Wimboh menjelaskan, bentuk bank komersial yang ada di Indonesia saat ini, bisnisnya mengumpulkan dana jangka pendek dari masyarakat dalam bentuk tabungan maupun deposito. Jadi apabila bisnis bank itu adalah berinvestasi di saham atau komoditas, risikonya tinggi. Apabila saat harga saham atau komoditas jatuh, dikhawatirkan bank tidak bisa mengembalikan dana yang akan ditarik oleh nasabahnya sewaktu-waktu.
"OJK mengatur lembaga keuangan. Jadi mengatur kelembagaannya, perizinan, dan juga pencabutan izin. Selama diberikan izin, maka bank harus menaati aturan prudential," ujar Wimboh kepada CNBC Indonesia, Minggu (20/2/2022).
Karena aturan yang ketat demi menjaga pengelolaan dana masyarakat yang disimpan di bank, maka perbankan di Indonesia juga tidak diperbolehkan berdagang dan memfasilitasi transaksi mata uang kripto yang saat ini tengah ramai.
"Soal kripto, dalam UU perbankan disebut dalam pasal 6 huruf n, bahwa bank diperbolehkan melakukan kegiatan lain yang lazim dilakukan oleh bank sepanjang tidak bertentangan dengan undang-undang dan peraturan perundang-undangan yang berlaku. Kripto itu tidak lazim dalam undang-undang ini," papar Wimboh.

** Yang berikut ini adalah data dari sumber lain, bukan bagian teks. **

(* For all $\delta_1,\delta_2\in\mathcal{D}^{LSL}$ and every $t\in[0,1]$, $$(\delta_1\ast\delta_2)(t)\le \min\{\delta_1(t),\delta_2(t)\}.$$
   Context: $\lambda$ denotes Lebesgue measure on $[0,1]$. Let $\mathcal{D}$ be the set of all functions $\delta:[0,1]\to[0,1]$ with $\delta(u)\le u$ for all $u$, $\delta(1)=1$, $\delta$ non-decreasing, and $|\delta(v)-\delta(u)|\le 2|v-u|$ for all $u,v$. Let $\mathcal{D}^{LSL}$ be the set of $\delta\in\mathcal{D}$ such that $x\mapsto \delta(x)/x$ is non-decreasing on $(0,1]$ and $x\mapsto \delta(x)/x^2$ is non-increasing on $(0,1]$. For $\delta_1,\delta_2\in\mathcal{D}^{LSL}$ the star product $\delta_1\ast\delta_2:[0,1]\to[0,1]$ is defined by $(\delta_1\ast\delta_2)(0):=0$ and, for $x\in(0,1]$, $$(\delta_1\ast\delta_2)(x):=\frac{1}{x}\delta_1(x)\delta_2(x)+x^2\int_{[x,1]}\left(\tfrac{\delta_1(u)}{u}\right)'\left(\tfrac{\delta_2(u)}{u}\right)'\,d\lambda(u),$$ where the derivatives exist $\lambda$-almost everywhere. *)

From HB Require Import structures.
From mathcomp Require Import all_boot all_order all_algebra.
From mathcomp Require Import all_classical all_reals all_analysis.
Set Implicit Arguments. Unset Strict Implicit. Unset Printing Implicit Defensive.
Import Order.TTheory GRing.Theory Num.Theory.
Local Open Scope classical_set_scope.
Local Open Scope ring_scope.

Section Defs.
Variable R : realType.

(* delta : [0,1] -> [0,1], represented as R -> R; only values on [0,1] matter. *)
Definition in_D (d : R -> R) : Prop :=
  (forall u, 0 <= u <= 1 -> 0 <= d u /\ d u <= 1) /\
  (forall u, 0 <= u <= 1 -> d u <= u) /\
  d 1 = 1 /\
  (forall u v, 0 <= u -> u <= v -> v <= 1 -> d u <= d v) /\
  (forall u v, 0 <= u <= 1 -> 0 <= v <= 1 -> `|d v - d u| <= 2 * `|v - u|).

Definition in_DLSL (d : R -> R) : Prop :=
  in_D d /\
  (forall x y, 0 < x -> x <= y -> y <= 1 -> d x / x <= d y / y) /\
  (forall x y, 0 < x -> x <= y -> y <= 1 -> d y / (y ^+ 2) <= d x / (x ^+ 2)).

(* star product; derivatives are the (a.e. existing) derivatives derive1 *)
Definition star (d1 d2 : R -> R) (x : R) : R :=
  if x == 0 then 0 else
  d1 x * d2 x / x +
  x ^+ 2 * Rintegral (@lebesgue_measure R) `[x, 1]
     (fun u => derive1 (fun v => d1 v / v) u * derive1 (fun v => d2 v / v) u).
End Defs.

(* Write f_i(u) = d_i(u) / u.  The two LSL monotonicity conditions force
   0 <= f_i'(u) <= d_i(u) / u^2 <= d_i(t) / t^2 for t <= u <= 1, so on [t, 1]
   the integrand f_1' f_2' is at most c f_2' with c = d_1(t) / t^2.  For the
   nondecreasing continuous f_2, Fatou's lemma applied to the left difference
   quotients, whose integrals are differences of averages of f_2, gives
   int_t^1 f_2' <= f_2(1) - f_2(t) = 1 - d_2(t) / t.  Hence
   star d_1 d_2 t <= d_1 d_2 / t + t^2 c (1 - d_2 / t) = d_1(t), and the bound
   by d_2(t) follows from the symmetry of the star product. *)

From HB Require Import structures.
From mathcomp Require Import all_boot all_order all_algebra.
From mathcomp Require Import all_classical all_reals all_analysis.
From mathcomp Require Import ring lra measurable_realfun.
Import Order.TTheory GRing.Theory Num.Theory.
Import numFieldNormedType.Exports.
Local Open Scope ring_scope.
Local Open Scope classical_set_scope.

Section left_quotient.
Context {R : realType}.

Definition left_quotient (f : R -> R) (h x : R) : R := (f x - f (x - h)) / h.

Lemma left_quotient_cvg (f : R -> R) (x : R) (h : R^nat) :
  cvg ((fun k => k^-1 *: (f (k + x) - f x)) @ 0^') ->
  (forall n, 0 < h n) -> h n @[n --> \oo] --> 0 ->
  left_quotient f (h n) x @[n --> \oo] --> derive1 f x.
Proof.
move=> df h0 h_0.
have dfl : (fun k => k^-1 *: (f (k + x) - f x)) k @[k --> 0^'-] --> derive1 f x.
  apply: cvg_trans df; apply: cvg_app; apply: within_subset => k /=.
  by rewrite lt_neqAle => /andP[].
have Nh n : - h n < 0 by rewrite oppr_lt0.
have Nh0 : - h n @[n --> \oo] --> 0 by rewrite -oppr0; apply: cvgN.
have -> : (fun n => left_quotient f (h n) x) =
    (fun n => (- h n)^-1 *: (f (- h n + x) - f x)).
  apply/funext => n.
  by rewrite /left_quotient [- h n + x]addrC invrN scaleNr -scalerN opprB mulrC.
exact: (cvg_at_leftP _ _ _).1 dfl _ (conj Nh Nh0).
Qed.

Lemma left_quotient_ge0 (f : R -> R) (h x : R) : 0 < h ->
  {homo f : y z / y <= z} -> 0 <= left_quotient f h x.
Proof.
move=> h0 ndf; rewrite /left_quotient divr_ge0 ?subr_ge0 ?(ltW h0) //.
by apply: ndf; lra.
Qed.

Definition halving (x : R) (n : nat) : R := x / 2 * 2^-1 ^+ n.

Lemma halving_gt0 x n : 0 < x -> 0 < halving x n.
Proof. by move=> x0; rewrite /halving mulr_gt0 ?divr_gt0 ?exprn_gt0 ?invr_gt0. Qed.

Lemma halving_le x n : 0 < x -> halving x n <= x / 2.
Proof.
move=> x0; apply: ler_piMr; first by rewrite divr_ge0 ?ltW.
by rewrite exprn_ile1 ?invr_ge0 // invf_le1 // ler1n.
Qed.

Lemma halving_cvg x : halving x n @[n --> \oo] --> 0.
Proof.
apply: (@cvg_geometric R (x / 2) 2^-1).
by rewrite ger0_norm ?invr_ge0 // invf_lt1 // ltr1n.
Qed.

End left_quotient.

Section liminf_integral.
Context {R : realType}.
Local Notation mu := (@lebesgue_measure R).

Lemma limn_einf_ge0 (v : (\bar R)^nat) :
  (forall n, (0 <= v n)%E) -> (0 <= limn_einf v)%E.
Proof.
move=> v0; rewrite limn_einf_lim; apply: lime_ge; first exact: is_cvg_einfs.
by near=> n; apply/ereal_infP => _ [m _ <-]; exact: v0.
Unshelve. all: by end_near.
Qed.

Lemma limn_einf_le_cvg (v w : (\bar R)^nat) (l : \bar R) :
  (forall n, (v n <= w n)%E) -> w n @[n --> \oo] --> l -> (limn_einf v <= l)%E.
Proof.
move=> vw wl; rewrite limn_einf_lim -(cvg_lim _ wl) //.
apply: lee_lim; [exact: is_cvg_einfs | exact: cvgP wl |].
by near=> n; apply: le_trans (vw n); apply: ereal_inf_lbound; exists n => /=.
Unshelve. all: by end_near.
Qed.

Lemma measurable_fun_limn_einf (D : set R) (f : (R -> \bar R)^nat) :
  measurable D -> (forall n, measurable_fun D (f n)) ->
  measurable_fun D (fun x => limn_einf (f ^~ x)).
Proof.
move=> mD mf; apply: (emeasurable_fun_cvg (fun m x => einfs (f ^~ x) m)).
- by move=> m; exact: measurable_fun_einfs.
- by move=> x _; rewrite limn_einf_lim; exact: is_cvg_einfs.
Qed.

Import HBNNSimple.

(* [g] need not be measurable: the nonnegative integral is a supremum over the
   simple functions below [g]. *)
Lemma le_integral_measurable_majorant (D : set R) (g G : R -> \bar R) :
  measurable D -> (forall x, D x -> (0 <= g x)%E) ->
  (forall x, D x -> (g x <= G x)%E) -> measurable_fun D G ->
  (\int[mu]_(x in D) g x <= \int[mu]_(x in D) G x)%E.
Proof.
move=> mD g0 gG mG; rewrite ge0_integralE //.
apply: ge_ereal_sup => _ [s /= sg <-].
rewrite -integralT_nnsfun [X in (_ <= X)%E]integral_mkcond.
apply: ge0_le_integral => //.
- by move=> x _; rewrite lee_fin; exact: fun_ge0.
- by apply: measurableT_comp => //; exact: measurable_funPT.
- exact: (measurable_restrictT G mD).1 mG.
- move=> x _; apply: le_trans (sg x) _; rewrite /patch; case: ifP => // /set_mem.
  exact: gG.
Qed.

End liminf_integral.

Section monotone_primitive.
Context {R : realType}.
Local Notation mu := (@lebesgue_measure R).
Variable F : R -> R.
Hypothesis cF : continuous F.
Hypothesis ndF : {homo F : x y / x <= y}.

Local Notation P e := (fun y => parameterized_integral mu e y F).

Lemma parameterized_integral_is_derive (e x : R) :
  e < x -> is_derive x 1 (P e) (F x).
Proof.
move=> ex; have [||dP <-] := @continuous_FTC1_closed R F e x (x + 1) _ _ ex (cF x).
- lra.
- apply: continuous_compact_integrable; first exact: segment_compact.
  exact: continuous_subspaceT.
by rewrite derive1E; exact: derivableP.
Qed.

Lemma parameterized_integral_increment (e y z : R) : e < y -> y < z ->
  (z - y) * F y <= P e z - P e y <= (z - y) * F z.
Proof.
move=> ey yz.
have dP x : x \in `]y, z[%R -> is_derive x 1 (P e) (F x).
  by rewrite in_itv /= => /andP[yx _]; apply: parameterized_integral_is_derive; lra.
have cP : {within `[y, z], continuous (P e)}.
  apply: derivable_within_continuous => x; rewrite in_itv /= => /andP[yx _].
  by case: (@parameterized_integral_is_derive e x ltac:(lra)).
have [x /[!in_itv] /= /andP[yx xz] ->] := MVT yz dP cP.
rewrite [F x * _]mulrC; have zy0 : 0 <= z - y by rewrite subr_ge0 ltW.
by rewrite !ler_wpM2l // ndF // ltW.
Qed.

Lemma continuous_left_quotient (h : R) : continuous (left_quotient F h).
Proof.
move=> x; apply: cvgM; last exact: cvg_cst.
apply: cvgB; first exact: cF.
apply: (@continuous_comp _ _ _ (fun y => y - h) F); last exact: cF.
by apply: cvgB; [exact: cvg_id | exact: cvg_cst].
Qed.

Dia mengatakan, Indonesia belum memiliki bank investasi yang boleh memperdagangkan produk-produk investasi. Namun bank investasi ini tidak boleh mengambil dana jangka pendek seperti tabungan, deposito, dan giro. "Bank investasi di Indonesia belum ada," kata Wimboh.
Bank investasi ini boleh melakukan transaksi saham atau komoditas, karena dana yang dikelolanya bersifat jangka menengah dan panjang. Sehingga apabila harga saham atau komoditas tengah jatuh, bank masih bisa mengelola ketersediaan dananya.
Prinsip kehati-hatian diperlukan dalam operasional bisnis perbankan di dalam negeri. Karena dana nasabah harus dikelola dengan benar, dan tidak menimbulkan kerugian bagi nasabah yang akhirnya menimbulkan masalah dan hilangnya kepercayaan masyarakat terhadap bank.
"OJK tidak pernah dan tidak akan mengatur Crypto Currency dan Crypto Asset. OJK, sebagaimana UU Nomor 21 tahun 2011, diberi kewenangan untuk mengatur, mengawasi dan melindungi nasabah sektor jasa keuangan. Berdasar Undang-Undang Nomor 7 Tahun 1992 tentang Perbankan yang diubah dengan Undang-Undang Nomor 10 Tahun 1998 pasal 6, Crypto dalam bentuk apapun tidak dalam list yang diperkenankan untuk ditransaksikan oleh bank di Indonesia sehingga dilarang," tegas Wimboh.